This has taken me a few days to prepare as my brain is only what I can describe as frazzled!!! I am overstretched with buying a house, moving into temporary accommodation, studying, therapy sessions, general life and anxiety. I have started getting headaches more often and feel like I need to sleep for a few weeks to forget about everything.
Anyway first I will give my therapy update #5…
I kind of failed on my homework he gave me, that really isn’t unusual for me I never was up to date with homework at school but anyway he had asked me to be more vigilant. I explained it was difficult to be as I have so many thoughts going round my head and as I mentioned I am super stressed so it was hard to concentrate on my thoughts.
So we went over what we spoke about the previous week, when I had a random panic attack come on just sitting at my mums drinking tea and chatting.
Well I go to my mums every Monday and it happened again! My therapist if I had remembered the initial thought that may have caused it but I still couldn’t think of what the ‘thought’ was that brought on the attack, it happened to quickly.
The only think I could think of was that I was waiting for it maybe and related it to the previous week.
We did use the whole session to really try pin point the situation and the reason for such a random attack, he says panic attacks can come on rapidly and we are starting to believe that although I am starting to experience social anxiety more often it is more the panic I fear.
I am also beginning to relate a lot of things to panic attacks and dread the physical symptoms which is making me fear a lot.
The physical sensations and thoughts that come with the panic are keeping the fear alive and my safety behaviours are controlling and containing it.
He asked me if I liked or craved even being in control and I answered yes or at least I believe I do, he told me that the reality is we are rarely ever in control of things and there is very little we actually can control we just have a need to be in control. Having a panic attack makes us feel like we are not in control or out of control, so we are putting unnecessary stress on ourselves. Maybe he again see that I needed some reassurance.
My homework is to write down any thoughts I may have and be vigilant and curious again.
Next week we are going to discuss my beliefs and my childhood, I really don’t know how I feel about that.
So the other drama… well how does anyone survive buying a house?! My brain is on overdrive, I feel like an overworked computer that is just going on autopilot.
How do i uninstall anxiety?
I have no zest for anything at the moment it is exhausting.

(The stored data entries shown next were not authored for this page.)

(* Let $p$ be a prime and let $r,\alpha,\gamma$ be positive integers with $\alpha>1$ and $p\nmid\gamma$. If $p^{\alpha}\gamma\in F_r$, then $p^{\alpha-1}\gamma\in F_r$.
   Context: For a positive integer $r$, $S_r$ is the multiplicative arithmetic function with $S_r(q^{\beta})=0$ if $q\leq r$ and $S_r(q^{\beta})=q^{\beta-1}(q-r)$ if $q>r$, for all primes $q$ and positive integers $\beta$. $B_r=\{n\in\mathbb{N}: S_r(n)>0\}$ (positive integers whose smallest prime factor exceeds $r$, together with $1$). $F_r$ is the set of $n\in B_r$ such that $S_r(n)<S_r(m)$ for all $m\in B_r$ with $m>n$. *)

From mathcomp Require Import all_boot.
Set Implicit Arguments. Unset Strict Implicit. Unset Printing Implicit Defensive.

(* Natural-number valued (all values are >= 0). *)
Definition S (r n : nat) : nat :=
  \prod_(q <- primes n) (if q <= r then 0 else q ^ (logn q n).-1 * (q - r)).

Definition inB (r n : nat) : Prop := 0 < n /\ 0 < S r n.

Definition inF (r n : nat) : Prop :=
  inB r n /\ forall m, inB r m -> n < m -> S r n < S r m.

From mathcomp Require Import all_boot.

(* Write n = p m with p | m.  Multiplying by a prime already dividing the
   argument multiplies S_r by exactly p, so S_r(n) = p S_r(m); in general
   S_r(p k) <= p S_r(k), and p > r because S_r(n) > 0, so p k stays in B_r.
   Hence for k > m in B_r we get p k > n and
   p S_r(m) = S_r(n) < S_r(p k) <= p S_r(k). *)

Definition Spow (r q k : nat) : nat := if q <= r then 0 else q ^ k.-1 * (q - r).

Lemma S_Spow r n : S r n = \prod_(q <- primes n) Spow r q (logn q n).
Proof. by []. Qed.

Lemma S_gt0_primes r n q : 0 < S r n -> q \in primes n -> r < q.
Proof.
move=> Sn0 qn; move: Sn0; rewrite S_Spow (bigD1_seq q) ?primes_uniq //=.
by rewrite muln_gt0 /Spow; case: (leqP q r).
Qed.

Lemma logn_mul_prime_neq p m q : prime p -> 0 < m -> q != p ->
  logn q (p * m) = logn q m.
Proof.
move=> pp m0 qp; rewrite (lognM _ (prime_gt0 pp) m0) (logn_prime q pp).
by rewrite (negbTE qp).
Qed.

Lemma S_mul_prime_dvd r p m : prime p -> 0 < m -> p %| m ->
  S r (p * m) = p * S r m.
Proof.
move=> pp m0 pm.
have pm_primes : p \in primes m by rewrite mem_primes pp m0.
have same_primes : perm_eq (primes (p * m)) (primes m).
  apply: uniq_perm; rewrite ?primes_uniq // => q.
  rewrite (primesM _ (prime_gt0 pp) m0) primes_prime // inE.
  by case: eqP => // ->.
rewrite !S_Spow (perm_big _ same_primes) /= !(bigD1_seq p) ?primes_uniq //.
rewrite mulnA; congr (_ * _).
  rewrite (lognM _ (prime_gt0 pp) m0) (logn_prime p pp) eqxx /Spow.
  have : 0 < logn p m by rewrite logn_gt0.
  case: (logn p m) => // k _; case: (p <= r); first by rewrite muln0.
  by rewrite add1n /= expnS mulnA.
by apply: eq_bigr => q qp; rewrite logn_mul_prime_neq.
Qed.

Lemma S_mul_prime_ndvd r p m : prime p -> 0 < m -> ~~ (p %| m) -> r < p ->
  S r (p * m) = (p - r) * S r m.
Proof.
move=> pp m0 pm rp.
have pm_primes : p \notin primes m by rewrite mem_primes pp m0.
have new_primes : perm_eq (primes (p * m)) (p :: primes m).
  apply: uniq_perm; rewrite /= ?pm_primes ?primes_uniq // => q.
  by rewrite (primesM _ (prime_gt0 pp) m0) primes_prime // inE.
rewrite !S_Spow (perm_big _ new_primes) /= big_cons; congr (_ * _).
  rewrite (lognM _ (prime_gt0 pp) m0) (logn_prime p pp) eqxx.
  have -> : logn p m = 0 by apply/eqP; rewrite eqn0Ngt logn_gt0.
  by rewrite /Spow leqNgt rp /= mul1n.
apply: eq_big_seq => q qm; rewrite logn_mul_prime_neq //.
by apply: contraNneq pm_primes => <-.
Qed.

Lemma S_mul_prime_le r p m : prime p -> 0 < m -> r < p ->
  S r (p * m) <= p * S r m.
Proof.
move=> pp m0 rp; have [pm | pm] := boolP (p %| m).
  by rewrite S_mul_prime_dvd.
by rewrite S_mul_prime_ndvd // leq_mul2r leq_subr orbT.
Qed.

Lemma inB_mul_prime r p m : prime p -> r < p -> inB r m -> inB r (p * m).
Proof.
move=> pp rp [m0 Sm0]; have p0 := prime_gt0 pp.
split; first by rewrite muln_gt0 p0.
have [pm | pm] := boolP (p %| m).
  by rewrite S_mul_prime_dvd // muln_gt0 p0.
by rewrite S_mul_prime_ndvd // muln_gt0 subn_gt0 rp.
Qed.

Lemma inF_div_prime r p m : prime p -> p %| m -> inF r (p * m) -> inF r m.
Proof.
move=> pp pm [[pm0 Spm0] Fpm]; have p0 := prime_gt0 pp.
have m0 : 0 < m by move: pm0; rewrite muln_gt0 => /andP[].
have S_pm : S r (p * m) = p * S r m by rewrite S_mul_prime_dvd.
have rp : r < p.
  by apply: S_gt0_primes Spm0 _; rewrite mem_primes pp pm0 dvdn_mulr.
split.
  by split=> //; move: Spm0; rewrite S_pm muln_gt0 => /andP[].
move=> k [k0 Sk0] mk.
have pk_inB : inB r (p * k) by apply: inB_mul_prime.
have := Fpm _ pk_inB; rewrite ltn_pmul2l // S_pm => /(_ mk) Spk.
by rewrite -(ltn_pmul2l p0) (leq_trans Spk) // S_mul_prime_le.
Qed.

Theorem lemma3p2 (p r alpha gamma : nat) :
  prime p -> 0 < r -> 1 < alpha -> 0 < gamma -> ~~ (p %| gamma) ->
  inF r (p ^ alpha * gamma) -> inF r (p ^ alpha.-1 * gamma).
Proof.
move=> pp _ alpha_gt1 _ _.
have [a ->] : exists a, alpha = a.+2 by case: alpha alpha_gt1 => [|[|a]] //; exists a.
rewrite expnS -mulnA; apply: inF_div_prime => //.
by rewrite dvdn_mulr // expnS dvdn_mulr.
Qed.
(* Terms and formulas expressing the notions above, written so that their
   satisfaction is definitionally the corresponding semantic notion. *)
Section Syntax.
Context {sigma : Sig} (H : sigma ADom = true).

Definition t_adom (a b : term sigma) : term sigma := App (exist _ ADom H) a b.
Definition t_restrict (c a : term sigma) : term sigma := t_adom (t_adom c a) a.
Definition t_value_at (a p : term sigma) : term sigma := t_restrict p a.
Definition f_defined_on (a p : term sigma) : form sigma := FEq (t_restrict a p) p.
Definition f_ale (a b : term sigma) : form sigma := FEq (t_restrict a b) a.
Definition f_iff (f g : form sigma) : form sigma := FAnd (FImp f g) (FImp g f).

Definition f_atom_witness (p c : term sigma) : form sigma :=
  FAnd (FNot (FEq p (t_adom p p)))
       (FOr (FEq (t_restrict c p) p) (FEq (t_restrict c p) (t_adom p p))).

Definition f_law_op (s : Sym sigma) (a b p : term sigma) : form sigma :=
  let u := App s a b in
  let D c := f_defined_on c p in
  let VEq c d := FEq (t_value_at c p) (t_value_at d p) in
  match proj1_sig s with
  | ADom => FAnd (f_iff (D u) (FAnd (D b) (FNot (D a)))) (FImp (D u) (VEq u b))
  | Meet => FAnd (f_iff (D u) (FAnd (D a) (FAnd (D b) (VEq a b)))) (FImp (D u) (VEq u a))
  | Upd => FAnd (f_iff (D u) (D a))
                (FAnd (FImp (FAnd (D a) (FNot (D b))) (VEq u a))
                      (FImp (FAnd (D a) (D b)) (VEq u b)))
  | PJoin => FAnd (f_iff (D u) (FOr (D a) (D b)))
                  (FAnd (FImp (D a) (VEq u a))
                        (FImp (FAnd (FNot (D a)) (D b)) (VEq u b)))
  end.

Definition f_law_order (a b p : term sigma) : form sigma :=
  let D c := f_defined_on c p in
  let V c := t_value_at c p in
  FAnd (FImp (FAnd (f_ale a b) (D a)) (FAnd (D b) (FEq (V a) (V b))))
       (FAnd (FImp (D a) (D (V a)))
             (FAnd (FEq (V (V a)) (V a)) (f_ale (V a) a))).

Definition f_separates (a b p : term sigma) : form sigma :=
  FOr (FNot (f_iff (f_defined_on a p) (f_defined_on b p)))
      (FAnd (f_defined_on a p) (FNot (FEq (t_value_at a p) (t_value_at b p)))).
End Syntax.

Definition opt_sym (sigma : Sig) (o : Op) : option (Sym sigma) :=
  match bool_dec (sigma o) true with
  | left e => Some (exist _ o e)
  | right _ => None
  end.

Definition syms (sigma : Sig) : list (Sym sigma) :=
  flat_map (fun o => match opt_sym sigma o with Some s => [s] | None => [] end)
    [ADom; Meet; Upd; PJoin].

Lemma syms_complete sigma (s : Sym sigma) : In s (syms sigma).
Proof.
  destruct s as [o e].
  assert (Hopt : opt_sym sigma o = Some (exist _ o e)).
  { unfold opt_sym. destruct (bool_dec (sigma o) true) as [e' | Ne]; [| contradiction].
    rewrite (UIP_dec bool_dec e' e). reflexivity. }
  apply in_flat_map. exists o. split; [destruct o; simpl; tauto | rewrite Hopt; left; reflexivity].
Qed.

Fixpoint f_conj {sigma} (l : list (form sigma)) : form sigma :=
  match l with
  | [] => FImp FFalse FFalse
  | f :: l => FAnd f (f_conj l)
  end.

Lemma qf_conj {sigma} (l : list (form sigma)) :
  (forall f, In f l -> quantifier_free f) -> quantifier_free (f_conj l).
Proof.
  induction l as [| f l IH]; intros Hl; cbn; [tauto |].
  split; [apply Hl; left; reflexivity | apply IH; intros g Hg; apply Hl; right; exact Hg].
Qed.

Lemma fv_conj {sigma} (l : list (form sigma)) V :
  (forall f, In f l -> incl (form_fv f) V) -> incl (form_fv (f_conj l)) V.
Proof.
  induction l as [| f l IH]; intros Hl; cbn; [intros n [] |].
  apply incl_app; [apply Hl; left; reflexivity | apply IH; intros g Hg; apply Hl; right; exact Hg].
Qed.

Lemma incl_by_check (l V : list nat) :
  forallb (fun n => existsb (Nat.eqb n) V) l = true -> incl l V.
Proof.
  intros Hl n Hn. rewrite forallb_forall in Hl. apply Hl, existsb_exists in Hn.
  destruct Hn as [m [Hm E]]. apply Nat.eqb_eq in E. subst m. exact Hm.
Qed.

Lemma fv_alls {sigma} xs (f : form sigma) n :
  In n (form_fv (alls xs f)) -> In n (form_fv f) /\ ~ In n xs.
Proof.
  induction xs as [| x xs IH]; cbn; [tauto |].
  intros Hn. apply in_remove in Hn as [Hn Hx]. apply IH in Hn as [Hf Hxs].
  split; [exact Hf | intros [-> | Hin]; [apply Hx; reflexivity | exact (Hxs Hin)]].
Qed.

Lemma fv_exs {sigma} ys (f : form sigma) n :
  In n (form_fv (exs ys f)) -> In n (form_fv f) /\ ~ In n ys.
Proof.
  induction ys as [| y ys IH]; cbn; [tauto |].
  intros Hn. apply in_remove in Hn as [Hn Hy]. apply IH in Hn as [Hf Hys].
  split; [exact Hf | intros [-> | Hin]; [apply Hy; reflexivity | exact (Hys Hin)]].
Qed.

Lemma closed_prenex {sigma} xs ys zs (f : form sigma) :
  incl (form_fv f) (xs ++ ys ++ zs) -> closed (alls xs (exs ys (alls zs f))).
Proof.
  intros Hf. unfold closed.
  destruct (form_fv (alls xs (exs ys (alls zs f)))) as [| n l] eqn:E; [reflexivity | exfalso].
  assert (Hn : In n (form_fv (alls xs (exs ys (alls zs f))))) by (rewrite E; left; reflexivity).
  apply fv_alls in Hn as [Hn Nx]. apply fv_exs in Hn as [Hn Ny]. apply fv_alls in Hn as [Hn Nz].
  apply Hf in Hn. rewrite !in_app_iff in Hn. tauto.
Qed.

Section Sentence.
Context {sigma : Sig} (H : sigma ADom = true).
Lemma integral_step_expR_affine (h : R -> R) l a b α d x y : α != 0 -> x <= y ->
  measurable_fun `[x, y] h -> {in `]x, y[, forall t, h t = step_expR l a b α (d - t)} ->
  (\int[mu]_(t in `[x, y]) (h t)%:E
   = (step_expR_primitive l a b α (d - x) - step_expR_primitive l a b α (d - y))%:E)%E.
Proof.
move=> α0 xy mh hE.
have hE' t : x < t -> t < y -> h t = step_expR l a b α (d - t).
  by move=> xt ty; apply: hE; rewrite in_itv /= xt.
have piece c x' y' : x <= x' -> x' <= y' -> y' <= y ->
    (forall t, x' < t -> t < y' -> h t = c * expR (α * (d - t))) ->
    (\int[mu]_(t in `[x', y']) (h t)%:E
     = ((c / α) * (expR (α * (d - x')) - expR (α * (d - y'))))%:E)%E.
  move=> xx' x'y' y'y hc; apply: integral_itv_expR_affine => //.
    by apply: measurable_funS mh => //; apply: subset_itvW.
  by move=> t; rewrite in_itv => /andP[]; exact: hc.
case: (leP (d - x) l) => dxl.
  rewrite /step_expR_primitive !ifT; [|lra|lra].
  rewrite (piece a) ?lexx // => [|t xt ty]; last by rewrite hE' ?step_expR_lt //; lra.
  by congr EFin; field.
rewrite step_expR_primitive_ge; last exact: ltW.
case: (leP l (d - y)) => dyl.
  rewrite step_expR_primitive_ge // (piece b) ?lexx // => [|t xt ty].
    by congr EFin; field.
  by rewrite hE' ?step_expR_ge //; lra.
rewrite /step_expR_primitive ifT; last exact: ltW.
have xm : x <= d - l by lra.
have my : d - l <= y by lra.
rewrite (integral_itv_split xm my); last exact/measurable_EFinP.
rewrite (piece b) ?lexx // => [|t ? ?]; last by rewrite hE' ?step_expR_ge //; lra.
rewrite (piece a) ?lexx // => [|t ? ?]; last by rewrite hE' ?step_expR_lt //; lra.
rewrite -EFinD (_ : d - (d - l) = l); last lra.
by congr EFin; field.
Qed.
Lemma stage_cost_perturbation (L L' : 'M[R]_(m2, d)) (K : 'M[R]_(m1, d)) x :
  in_Omega Q Rv zeta L ->
  Rle (stage_cost L' K x)
    (Rplus (stage_cost L K x) (Rmult (Rmult (Rmult 2 (Rplus cQ rv)) (spec_norm (L' - L))) (dot x x))).
Proof.
move=> hOm; set de := spec_norm (L' - L); set D := L' - L.
have hde : Rle R0 de := spec_norm_ge0 _.
have hN := dot_ge0 x.
have L'E : L' *m x = L *m x + D *m x by rewrite /D mulmxBl addrC subrK.
have RvL_le : Rle (bf Rv (L *m x) (L *m x)) (Rmult cQ (dot x x)).
  have := omega_margin x hOm; have := Q_le x; have := Rmult_le_pos _ _ (Rlt_le _ _ hzeta) hN.
  lra.
have RvD_le : Rle (bf Rv (D *m x) (D *m x)) (Rmult (Rmult rv (Rmult de de)) (dot x x)).
  apply: Rle_trans (Rv_le _) _; rewrite Rmult_assoc; apply: Rmult_le_compat_l => //.
  exact: spec_norm_bound.
have [cross_lo _] := abs_le_inv (bf_cross_le (posdef_psd_form hRv) hcQ hrv hde hN RvL_le RvD_le).
have := proj2 (posdef_psd_form hRv) (D *m x).
rewrite /stage_cost L'E bf_quadD ?(proj1 hRv) //; lra.
Qed.
(* Let $f:\mathbb{N}\to\mathbb{R}$ with $f(1)=1$. Assume there exist an integer $N\geq2$, $C>0$ and $\gamma\in\mathbb{R}$ such that $f(n)=0$ for all $2\leq n\leq N$ and $|f(n)|\leq Cn^\gamma$ for all $n>N$. Then $$|f^{-1}(n)|\leq n^{\gamma+\varsigma}, \quad n>N,$$ where $\varsigma>1$ is the unique root of $\zeta(s)=\frac{1}{C}+\sum_{m=1}^{N} m^{-s}$.
   Context: $f^{-1}$ denotes the Dirichlet inverse of $f$: the arithmetic function with $\sum_{d\mid n} f(n/d) f^{-1}(d)=\varepsilon(n)$ for all $n$, where $\varepsilon(1)=1$ and $\varepsilon(n)=0$ for $n\ge2$. $\zeta$ is the Riemann zeta function. *)

From HB Require Import structures.
From mathcomp Require Import all_boot all_order all_algebra.
From mathcomp Require Import all_classical all_reals all_analysis.
Set Implicit Arguments. Unset Strict Implicit. Unset Printing Implicit Defensive.
Import Order.TTheory GRing.Theory Num.Theory.
Local Open Scope ring_scope.

(* Arithmetic functions are maps nat -> R; only values at n >= 1 matter. *)

Definition dirichlet_inverse (R : realType) (f g : nat -> R) : Prop :=
  forall n : nat, (0 < n)%N ->
    \sum_(d <- divisors n) f (n %/ d)%N * g d = (n == 1%N)%:R.

(* Riemann zeta on reals: zeta(s) = sum_{m >= 1} m^{-s} (limit of partial sums, meaningful for s > 1). *)
Definition zeta (R : realType) (s : R) : R :=
  limn (fun n : nat => \sum_(1 <= m < n) ((m%:R : R) `^ (- s))).

(* Write a = gamma + s.  Since g 1 = 1 and g n = - sum_(d | n, d < n) f (n/d) g d, and
   sum_(d | n, d < n) |f (n/d)| d^a = n^a * sum_(e | n, e > 1) |f e| e^-a, strong induction
   gives |g n| <= n^a as soon as every divisor sum sum_(e | n, e > 1) |f e| e^-a is at most 1.
   The hypotheses on f bound that sum by C * sum_(m > N) m^-s, which equals 1 exactly when s
   solves zeta s = 1/C + sum_(m <= N) m^-s.  The tail s |-> sum_(m > N) m^-s is locally
   Lipschitz and strictly decreasing on (1, +oo); it is unbounded near 1 because the harmonic
   series diverges, and its value at s + y is at most (N+1)^-y times its value at s, so it
   tends to 0.  The intermediate value theorem then gives exactly one root s > 1. *)

From HB Require Import structures.
From mathcomp Require Import all_boot all_order all_algebra.
From mathcomp Require Import all_classical all_reals all_analysis.
From mathcomp Require Import ring lra.
Import Order.TTheory GRing.Theory Num.Theory.
Import numFieldNormedType.Exports.
Set Implicit Arguments.
Unset Strict Implicit.
Local Open Scope classical_set_scope.
Local Open Scope ring_scope.

Section PowerInequalities.
Variable R : realType.
Implicit Types (a b x r s t u e : R).

Lemma powR_ge1Dln x r : 0 < x -> 1 + r * ln x <= x `^ r.
Proof. by move=> x0; rewrite /powR gt_eqF // expR_ge1Dx. Qed.

Lemma ltr_powRN x s u : 1 < x -> s < u -> x `^ (- u) < x `^ (- s).
Proof.
move=> x1 su; have x0 : 0 < x by apply: lt_trans x1.
rewrite /powR gt_eqF // ltr_expR ltr_pM2r ?ln_gt0 // ltrN2 //.
Qed.

Lemma subr_powRN_ge a b t : 0 < a <= b -> 0 <= t ->
  t * (b - a) * b `^ (- t - 1) <= a `^ (- t) - b `^ (- t).
Proof.
move=> /andP[a0 ab] t0; have b0 : 0 < b by apply: lt_le_trans ab.
have ab0 : 0 < a / b by rewrite divr_gt0.
have -> : a `^ (- t) = (a / b) `^ (- t) * b `^ (- t).
  by rewrite -powRM ?ltW // divfK // gt_eqF.
have -> : b `^ (- t - 1) = b `^ (- t) / b.
  by rewrite powRB ?powRr1 ?(ltW b0) // (gt_eqF b0) implybT.
have ln_ab : ln (a / b) <= a / b - 1.
  by have := expR_ge1Dx (ln (a / b)); rewrite lnK ?posrE //; lra.
have Q_ge := powR_ge1Dln (- t) ab0.
have B0 := powR_gt0 (- t) b0.
have -> : t * (b - a) * (b `^ (- t) / b) = t * b `^ (- t) * (1 - a / b).
  by field; rewrite gt_eqF.
move: ln_ab Q_ge B0; set B := b `^ (- t); set Q := (a / b) `^ (- t).
set r := a / b; set L := ln r => ln_ab Q_ge B0.
have : t * (1 - r) <= Q - 1 by nra.
nra.
Qed.

Lemma subr_powRN_le x e s u : 0 < x -> 0 < e -> s <= u ->
  x `^ (- s) - x `^ (- u) <= (u - s) / e * x `^ (- (s - e)).
Proof.
move=> x0 e0 su.
have -> : x `^ (- u) = x `^ (- s) * x `^ (s - u).
  by rewrite -powRD ?(gt_eqF x0) ?implybT //; congr (_ `^ _); ring.
have -> : x `^ (- (s - e)) = x `^ (- s) * x `^ e.
  by rewrite -powRD ?(gt_eqF x0) ?implybT //; congr (_ `^ _); ring.
have B_ge := powR_ge1Dln (s - u) x0.
have E_ge := powR_ge1Dln e x0.
have A0 := powR_gt0 (- s) x0.
move: B_ge E_ge A0; set A := x `^ (- s); set B := x `^ (s - u); set E := x `^ e.
set L := ln x => B_ge E_ge A0.
have lnL : (u - s) * L <= (u - s) / e * E.
  rewrite -mulrA ler_wpM2l ?subr_ge0 // ler_pdivlMl //; lra.
have : 1 - B <= (u - s) / e * E by lra.
nra.
Qed.

End PowerInequalities.

Section ZetaTail.
Variable R : realType.
Implicit Types (c s u e : R) (N n : nat).

Definition zeta_tail_partial N s n : R := \sum_(N.+1 <= m < n) (m%:R : R) `^ (- s).

(* [zeta s] is convertible to [zeta_tail 0 s]. *)
Definition zeta_tail N s : R := limn (zeta_tail_partial N s).

Lemma zeta_tail_partial_ge0 N s n : 0 <= zeta_tail_partial N s n.
Proof. by apply: sumr_ge0 => m _; apply: powR_ge0. Qed.

Lemma nondecreasing_zeta_tail_partial N s : nondecreasing_seq (zeta_tail_partial N s).
Proof.
apply/nondecreasing_seqP => n; rewrite /zeta_tail_partial.
case: (ltnP n N.+1) => [nN|Nn]; last by rewrite big_nat_recr //= lerDl powR_ge0.
by rewrite (big_geq (ltnW nN)) big_geq.
Qed.

Lemma zeta_tail_partial_split N s n : (N < n)%N ->
  zeta_tail_partial 0 s n = zeta_tail_partial 0 s N.+1 + zeta_tail_partial N s n.
Proof. by move=> Nn; rewrite /zeta_tail_partial -big_cat_nat. Qed.

Lemma zeta_tail_partial_le_full N s n : zeta_tail_partial N s n <= zeta_tail_partial 0 s n.
Proof.
case: (ltnP N n) => [Nn|nN].
  by rewrite (zeta_tail_partial_split s Nn) lerDr zeta_tail_partial_ge0.
by rewrite {1}/zeta_tail_partial big_geq ?(leqW nN) // zeta_tail_partial_ge0.
Qed.

Lemma sum_powRN_succ_le s n : 1 < s -> (s - 1) * \sum_(1 <= k < n) k.+1%:R `^ (- s) <= 1.
Proof.
move=> s1; set t := s - 1; have t0 : 0 <= t by rewrite /t; lra.
have step k : (0 < k)%N -> t * k.+1%:R `^ (- s) <= k%:R `^ (- t) - k.+1%:R `^ (- t).
  move=> k0; have := @subr_powRN_ge R k%:R k.+1%:R t.
  have -> : - t - 1 = - s by rewrite /t; ring.
  by rewrite ltr0n k0 ler_nat leqnSn -natrB // subSnn mulr1; apply.
rewrite mulr_sumr.
apply: (le_trans (ler_sum_nat (G := fun k => k%:R `^ (- t) - k.+1%:R `^ (- t)) _)).
  by move=> k /andP[k0 _]; exact: step.
case: n => [|n]; first by rewrite big_geq.
rewrite (telescope_sumr_eq (fun k => - k%:R `^ (- t))) //; last by move=> k _; rewrite opprK addrC.
by rewrite powR1 opprK gerDr oppr_le0 powR_ge0.
Qed.

Lemma zeta_tail_partial_ub N s n : 1 < s -> zeta_tail_partial N s n <= 1 + (s - 1)^-1.
Proof.
move=> s1; have s10 : 0 < s - 1 by lra.
apply: (le_trans (zeta_tail_partial_le_full N s n)).
apply: (le_trans (nondecreasing_zeta_tail_partial 0 s (leqW (leqnSn n)))).
rewrite /zeta_tail_partial big_nat_recl // powR1 lerD2l.
by rewrite -(ler_pM2l s10) mulfV ?gt_eqF // sum_powRN_succ_le.
Qed.

Lemma is_cvgn_zeta_tail N s : 1 < s -> cvgn (zeta_tail_partial N s).
Proof.
move=> s1; apply: nondecreasing_is_cvgn; first exact: nondecreasing_zeta_tail_partial.
by exists (1 + (s - 1)^-1) => _ [n _ <-]; apply: zeta_tail_partial_ub.
Qed.

Lemma zeta_tail_partial_le_lim N s n : 1 < s -> zeta_tail_partial N s n <= zeta_tail N s.
Proof.
move=> s1; apply: nondecreasing_cvgn_le; first exact: nondecreasing_zeta_tail_partial.
exact: is_cvgn_zeta_tail.
Qed.

Lemma zeta_tail_ge0 N s : 1 < s -> 0 <= zeta_tail N s.
Proof.
by move=> s1; apply: le_trans (zeta_tail_partial_le_lim N 0 s1); apply: zeta_tail_partial_ge0.
Qed.

Lemma zeta_split N s : 1 < s -> zeta s = zeta_tail_partial 0 s N.+1 + zeta_tail N s.
Proof.
move=> s1; apply: cvg_lim => //.
have : zeta_tail_partial 0 s N.+1 + zeta_tail_partial N s n @[n --> \oo] -->
    zeta_tail_partial 0 s N.+1 + zeta_tail N s.
  by apply: cvgD; [exact: cvg_cst | exact: is_cvgn_zeta_tail].
apply: cvg_trans; apply: near_eq_cvg; near=> n.
rewrite -(zeta_tail_partial_split s (_ : N < n)%N) //; near: n; exact: nbhs_infty_gt.
Unshelve. all: by end_near.
Qed.

Lemma zeta_tail_partial_sub_le_lim N s u n : 1 < s -> s <= u ->
  zeta_tail_partial N s n - zeta_tail_partial N u n <= zeta_tail N s - zeta_tail N u.
Proof.
move=> s1 su; have u1 : 1 < u by apply: lt_le_trans su.
have cv : zeta_tail_partial N s n - zeta_tail_partial N u n @[n --> \oo] -->
    zeta_tail N s - zeta_tail N u.
  by apply: cvgB; exact: is_cvgn_zeta_tail.
rewrite -(cvg_lim _ cv) //; apply: nondecreasing_cvgn_le; last exact: cvgP cv.
apply/nondecreasing_seqP => k; rewrite /zeta_tail_partial.
case: (ltnP k N.+1) => [kN|Nk].
  by rewrite !(big_geq kN) !(big_geq (ltnW kN)).
rewrite !big_nat_recr //= opprD addrACA lerDl subr_ge0.
by apply: ler_powR; rewrite ?ler1n ?lerN2 // (leq_trans _ Nk).
Qed.

Lemma zeta_tail_lt N s u : 1 < s -> s < u -> zeta_tail N u < zeta_tail N s.
Proof.
move=> s1 su; rewrite -subr_gt0.
apply: lt_le_trans (zeta_tail_partial_sub_le_lim N N.+3 s1 (ltW su)).
rewrite /zeta_tail_partial !(@big_ltn _ _ _ N.+1 N.+3) // !big_nat1 opprD addrACA.
apply: ltr_wpDl; first by rewrite subr_ge0 ler_powR ?ler1n ?lerN2 ?ltW.
by rewrite subr_gt0 ltr_powRN // ltr1n.
Qed.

Although I am officially half way through my AAT course, my next step is an exam and I desperately need to get me head down an revise. I really don’t know if this is possible at the moment all I do is stare at the pages because I cannot process any of it my mind is seriously FRAZZLED! Also I haven’t done an exam since I was 16 and I SUCKED at them, all revision goes out of the window and I develop some kind of brain freeze or writers block.
Why is buying a house so stressful and why do they make it so long winded and difficult on hard working people who deserve it. I actually cried today as it was getting too much, you think its all sorted then the broker contacts us and tells us we need to do this or send a copy of that. It doesn’t sound bad when I say it like that but if you really want me to go into the depths of it I will probably get all I rate and throw my computer out of the window.
Can any one give me advice on how to de-stress ASAP?